- Work to complete -
Starting at the first line of the entries below, output every line exactly, up to and including the line with "Definition hdeg (v".

___ Input data

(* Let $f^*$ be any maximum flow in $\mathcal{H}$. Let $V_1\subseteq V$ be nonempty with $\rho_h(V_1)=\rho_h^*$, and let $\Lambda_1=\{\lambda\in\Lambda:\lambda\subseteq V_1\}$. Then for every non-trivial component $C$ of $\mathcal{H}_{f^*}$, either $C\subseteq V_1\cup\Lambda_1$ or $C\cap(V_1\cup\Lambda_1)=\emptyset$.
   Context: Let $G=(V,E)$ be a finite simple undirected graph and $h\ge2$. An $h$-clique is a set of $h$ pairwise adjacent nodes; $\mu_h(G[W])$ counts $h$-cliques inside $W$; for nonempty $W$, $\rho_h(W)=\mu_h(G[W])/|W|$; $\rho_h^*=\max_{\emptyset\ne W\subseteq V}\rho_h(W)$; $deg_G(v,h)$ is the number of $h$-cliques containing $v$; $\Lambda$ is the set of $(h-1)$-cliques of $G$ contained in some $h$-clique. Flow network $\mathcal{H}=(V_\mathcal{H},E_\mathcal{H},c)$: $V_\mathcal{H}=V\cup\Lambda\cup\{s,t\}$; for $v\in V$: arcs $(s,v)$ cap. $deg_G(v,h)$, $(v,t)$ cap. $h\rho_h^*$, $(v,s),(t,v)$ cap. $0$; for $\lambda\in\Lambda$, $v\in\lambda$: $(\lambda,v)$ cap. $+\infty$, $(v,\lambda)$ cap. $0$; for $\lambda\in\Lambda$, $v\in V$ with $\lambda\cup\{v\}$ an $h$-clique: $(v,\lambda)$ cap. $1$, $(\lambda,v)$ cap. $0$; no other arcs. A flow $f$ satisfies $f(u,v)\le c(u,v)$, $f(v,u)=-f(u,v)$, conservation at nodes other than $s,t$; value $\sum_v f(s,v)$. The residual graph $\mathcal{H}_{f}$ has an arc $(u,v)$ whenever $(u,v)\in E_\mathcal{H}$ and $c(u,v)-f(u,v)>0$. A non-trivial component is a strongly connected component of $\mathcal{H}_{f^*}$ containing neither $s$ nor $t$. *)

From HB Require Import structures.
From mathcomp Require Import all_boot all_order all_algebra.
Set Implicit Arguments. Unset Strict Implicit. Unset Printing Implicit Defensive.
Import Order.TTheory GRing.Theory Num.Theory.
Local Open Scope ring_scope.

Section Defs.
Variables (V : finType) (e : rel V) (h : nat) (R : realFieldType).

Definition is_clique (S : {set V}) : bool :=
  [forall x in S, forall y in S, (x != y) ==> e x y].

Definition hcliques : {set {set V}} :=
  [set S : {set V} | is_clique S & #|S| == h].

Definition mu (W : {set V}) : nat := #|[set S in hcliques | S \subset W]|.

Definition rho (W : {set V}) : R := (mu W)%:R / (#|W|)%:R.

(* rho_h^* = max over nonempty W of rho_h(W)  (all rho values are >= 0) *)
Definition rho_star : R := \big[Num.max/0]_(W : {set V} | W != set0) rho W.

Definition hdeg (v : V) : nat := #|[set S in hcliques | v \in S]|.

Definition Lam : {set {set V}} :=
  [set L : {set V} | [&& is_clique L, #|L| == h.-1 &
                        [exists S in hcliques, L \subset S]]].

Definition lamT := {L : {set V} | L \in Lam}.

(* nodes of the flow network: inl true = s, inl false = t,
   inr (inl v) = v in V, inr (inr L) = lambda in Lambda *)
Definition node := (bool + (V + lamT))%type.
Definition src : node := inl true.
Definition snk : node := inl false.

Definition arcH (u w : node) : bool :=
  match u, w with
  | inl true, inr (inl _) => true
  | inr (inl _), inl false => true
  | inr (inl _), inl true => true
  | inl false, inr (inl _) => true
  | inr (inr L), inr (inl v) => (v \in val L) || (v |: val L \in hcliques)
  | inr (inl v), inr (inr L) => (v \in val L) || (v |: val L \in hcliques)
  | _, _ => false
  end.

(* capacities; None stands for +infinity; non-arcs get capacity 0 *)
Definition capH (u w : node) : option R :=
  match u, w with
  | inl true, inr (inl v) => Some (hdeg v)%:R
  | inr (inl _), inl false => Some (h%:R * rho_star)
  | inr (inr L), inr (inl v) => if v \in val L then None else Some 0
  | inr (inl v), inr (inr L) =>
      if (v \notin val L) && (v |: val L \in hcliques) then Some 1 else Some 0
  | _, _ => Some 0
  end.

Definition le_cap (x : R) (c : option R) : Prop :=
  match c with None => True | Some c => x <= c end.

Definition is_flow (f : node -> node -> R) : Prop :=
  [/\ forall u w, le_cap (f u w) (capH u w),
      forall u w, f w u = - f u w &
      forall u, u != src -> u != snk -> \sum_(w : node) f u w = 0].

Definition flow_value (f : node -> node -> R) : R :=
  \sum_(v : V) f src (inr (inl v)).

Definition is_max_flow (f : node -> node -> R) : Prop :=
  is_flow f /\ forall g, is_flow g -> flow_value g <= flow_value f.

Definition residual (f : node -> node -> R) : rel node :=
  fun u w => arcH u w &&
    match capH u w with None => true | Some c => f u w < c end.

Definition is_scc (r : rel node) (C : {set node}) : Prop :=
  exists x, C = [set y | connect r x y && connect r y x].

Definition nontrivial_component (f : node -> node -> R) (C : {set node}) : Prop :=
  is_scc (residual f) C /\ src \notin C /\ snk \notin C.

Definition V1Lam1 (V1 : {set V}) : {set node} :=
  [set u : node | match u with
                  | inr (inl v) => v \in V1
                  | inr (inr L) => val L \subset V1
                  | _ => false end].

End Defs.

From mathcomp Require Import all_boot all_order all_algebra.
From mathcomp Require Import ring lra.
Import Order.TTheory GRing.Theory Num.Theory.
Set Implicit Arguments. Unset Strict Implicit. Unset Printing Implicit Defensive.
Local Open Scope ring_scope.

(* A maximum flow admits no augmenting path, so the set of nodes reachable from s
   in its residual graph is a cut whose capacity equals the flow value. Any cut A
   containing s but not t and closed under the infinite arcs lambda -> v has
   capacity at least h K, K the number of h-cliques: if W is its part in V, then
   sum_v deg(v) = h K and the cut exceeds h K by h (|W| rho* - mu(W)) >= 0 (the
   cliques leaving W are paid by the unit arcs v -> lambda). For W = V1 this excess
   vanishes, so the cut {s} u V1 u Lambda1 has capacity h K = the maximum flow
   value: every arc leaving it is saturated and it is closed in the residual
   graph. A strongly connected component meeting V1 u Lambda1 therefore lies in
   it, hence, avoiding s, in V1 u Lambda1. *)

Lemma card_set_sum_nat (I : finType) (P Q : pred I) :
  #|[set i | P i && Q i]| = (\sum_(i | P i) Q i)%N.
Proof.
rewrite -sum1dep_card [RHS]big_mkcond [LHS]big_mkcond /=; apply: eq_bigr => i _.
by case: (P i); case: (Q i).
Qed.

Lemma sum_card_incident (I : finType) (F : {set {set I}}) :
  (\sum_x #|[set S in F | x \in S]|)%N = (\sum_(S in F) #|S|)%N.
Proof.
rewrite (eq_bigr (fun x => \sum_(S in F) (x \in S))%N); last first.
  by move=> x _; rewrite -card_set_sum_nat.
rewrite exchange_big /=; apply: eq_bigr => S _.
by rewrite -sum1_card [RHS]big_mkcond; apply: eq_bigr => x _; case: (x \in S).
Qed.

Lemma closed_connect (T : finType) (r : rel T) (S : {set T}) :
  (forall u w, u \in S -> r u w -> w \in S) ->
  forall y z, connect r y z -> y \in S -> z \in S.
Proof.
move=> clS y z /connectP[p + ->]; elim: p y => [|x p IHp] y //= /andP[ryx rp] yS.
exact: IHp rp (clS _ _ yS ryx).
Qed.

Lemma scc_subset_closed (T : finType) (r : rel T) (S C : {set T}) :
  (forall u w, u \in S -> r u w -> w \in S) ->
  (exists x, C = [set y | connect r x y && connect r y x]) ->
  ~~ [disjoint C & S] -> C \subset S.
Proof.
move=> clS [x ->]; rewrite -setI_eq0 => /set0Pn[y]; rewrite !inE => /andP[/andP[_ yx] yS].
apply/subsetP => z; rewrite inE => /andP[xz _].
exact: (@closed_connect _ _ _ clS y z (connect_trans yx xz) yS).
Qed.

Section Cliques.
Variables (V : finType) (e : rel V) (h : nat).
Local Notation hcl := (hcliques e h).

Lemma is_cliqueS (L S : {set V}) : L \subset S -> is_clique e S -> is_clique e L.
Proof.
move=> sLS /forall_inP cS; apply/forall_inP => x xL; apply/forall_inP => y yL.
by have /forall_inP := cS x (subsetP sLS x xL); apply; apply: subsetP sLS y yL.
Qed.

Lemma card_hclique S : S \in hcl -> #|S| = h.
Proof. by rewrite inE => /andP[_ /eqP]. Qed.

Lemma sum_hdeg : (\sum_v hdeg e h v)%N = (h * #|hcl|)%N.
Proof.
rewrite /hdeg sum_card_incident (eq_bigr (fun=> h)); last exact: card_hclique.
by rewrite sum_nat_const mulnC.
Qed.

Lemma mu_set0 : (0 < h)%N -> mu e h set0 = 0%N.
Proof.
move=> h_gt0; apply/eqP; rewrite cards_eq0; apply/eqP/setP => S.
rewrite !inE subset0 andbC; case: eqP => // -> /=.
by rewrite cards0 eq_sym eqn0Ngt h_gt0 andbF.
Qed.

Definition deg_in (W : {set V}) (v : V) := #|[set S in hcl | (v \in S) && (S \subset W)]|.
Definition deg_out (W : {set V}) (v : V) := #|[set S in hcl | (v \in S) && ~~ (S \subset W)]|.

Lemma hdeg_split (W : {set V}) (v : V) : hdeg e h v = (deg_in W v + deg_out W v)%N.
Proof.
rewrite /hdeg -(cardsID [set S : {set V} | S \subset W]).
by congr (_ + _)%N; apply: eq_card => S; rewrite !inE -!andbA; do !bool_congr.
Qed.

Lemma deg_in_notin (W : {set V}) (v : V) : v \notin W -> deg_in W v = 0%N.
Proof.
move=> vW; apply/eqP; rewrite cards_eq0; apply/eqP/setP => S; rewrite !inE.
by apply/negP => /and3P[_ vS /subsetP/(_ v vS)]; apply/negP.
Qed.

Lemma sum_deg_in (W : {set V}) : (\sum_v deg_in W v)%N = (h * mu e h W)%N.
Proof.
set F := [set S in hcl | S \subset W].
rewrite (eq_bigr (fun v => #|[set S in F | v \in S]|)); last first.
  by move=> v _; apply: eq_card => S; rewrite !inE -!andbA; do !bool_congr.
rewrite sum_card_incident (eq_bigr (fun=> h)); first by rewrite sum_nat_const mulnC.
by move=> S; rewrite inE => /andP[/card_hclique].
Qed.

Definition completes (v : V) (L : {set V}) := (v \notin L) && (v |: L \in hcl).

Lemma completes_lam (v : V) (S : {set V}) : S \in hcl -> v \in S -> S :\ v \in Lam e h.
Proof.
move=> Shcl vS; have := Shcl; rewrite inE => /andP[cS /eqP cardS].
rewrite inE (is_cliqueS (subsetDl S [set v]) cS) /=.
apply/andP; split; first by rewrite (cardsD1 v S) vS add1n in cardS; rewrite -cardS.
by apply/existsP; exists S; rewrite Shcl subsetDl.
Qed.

______

- Response -
(* Let $f^*$ be any maximum flow in $\mathcal{H}$. Let $V_1\subseteq V$ be nonempty with $\rho_h(V_1)=\rho_h^*$, and let $\Lambda_1=\{\lambda\in\Lambda:\lambda\subseteq V_1\}$. Then for every non-trivial component $C$ of $\mathcal{H}_{f^*}$, either $C\subseteq V_1\cup\Lambda_1$ or $C\cap(V_1\cup\Lambda_1)=\emptyset$.
   Context: Let $G=(V,E)$ be a finite simple undirected graph and $h\ge2$. An $h$-clique is a set of $h$ pairwise adjacent nodes; $\mu_h(G[W])$ counts $h$-cliques inside $W$; for nonempty $W$, $\rho_h(W)=\mu_h(G[W])/|W|$; $\rho_h^*=\max_{\emptyset\ne W\subseteq V}\rho_h(W)$; $deg_G(v,h)$ is the number of $h$-cliques containing $v$; $\Lambda$ is the set of $(h-1)$-cliques of $G$ contained in some $h$-clique. Flow network $\mathcal{H}=(V_\mathcal{H},E_\mathcal{H},c)$: $V_\mathcal{H}=V\cup\Lambda\cup\{s,t\}$; for $v\in V$: arcs $(s,v)$ cap. $deg_G(v,h)$, $(v,t)$ cap. $h\rho_h^*$, $(v,s),(t,v)$ cap. $0$; for $\lambda\in\Lambda$, $v\in\lambda$: $(\lambda,v)$ cap. $+\infty$, $(v,\lambda)$ cap. $0$; for $\lambda\in\Lambda$, $v\in V$ with $\lambda\cup\{v\}$ an $h$-clique: $(v,\lambda)$ cap. $1$, $(\lambda,v)$ cap. $0$; no other arcs. A flow $f$ satisfies $f(u,v)\le c(u,v)$, $f(v,u)=-f(u,v)$, conservation at nodes other than $s,t$; value $\sum_v f(s,v)$. The residual graph $\mathcal{H}_{f}$ has an arc $(u,v)$ whenever $(u,v)\in E_\mathcal{H}$ and $c(u,v)-f(u,v)>0$. A non-trivial component is a strongly connected component of $\mathcal{H}_{f^*}$ containing neither $s$ nor $t$. *)

From HB Require Import structures.
From mathcomp Require Import all_boot all_order all_algebra.
Set Implicit Arguments. Unset Strict Implicit. Unset Printing Implicit Defensive.
Import Order.TTheory GRing.Theory Num.Theory.
Local Open Scope ring_scope.

Section Defs.
Variables (V : finType) (e : rel V) (h : nat) (R : realFieldType).

Definition is_clique (S : {set V}) : bool :=
  [forall x in S, forall y in S, (x != y) ==> e x y].

Definition hcliques : {set {set V}} :=
  [set S : {set V} | is_clique S & #|S| == h].

Definition mu (W : {set V}) : nat := #|[set S in hcliques | S \subset W]|.

Definition rho (W : {set V}) : R := (mu W)%:R / (#|W|)%:R.

(* rho_h^* = max over nonempty W of rho_h(W)  (all rho values are >= 0) *)
Definition rho_star : R := \big[Num.max/0]_(W : {set V} | W != set0) rho W.

Definition hdeg (v : V) : nat := #|[set S in hcliques | v \in S]|.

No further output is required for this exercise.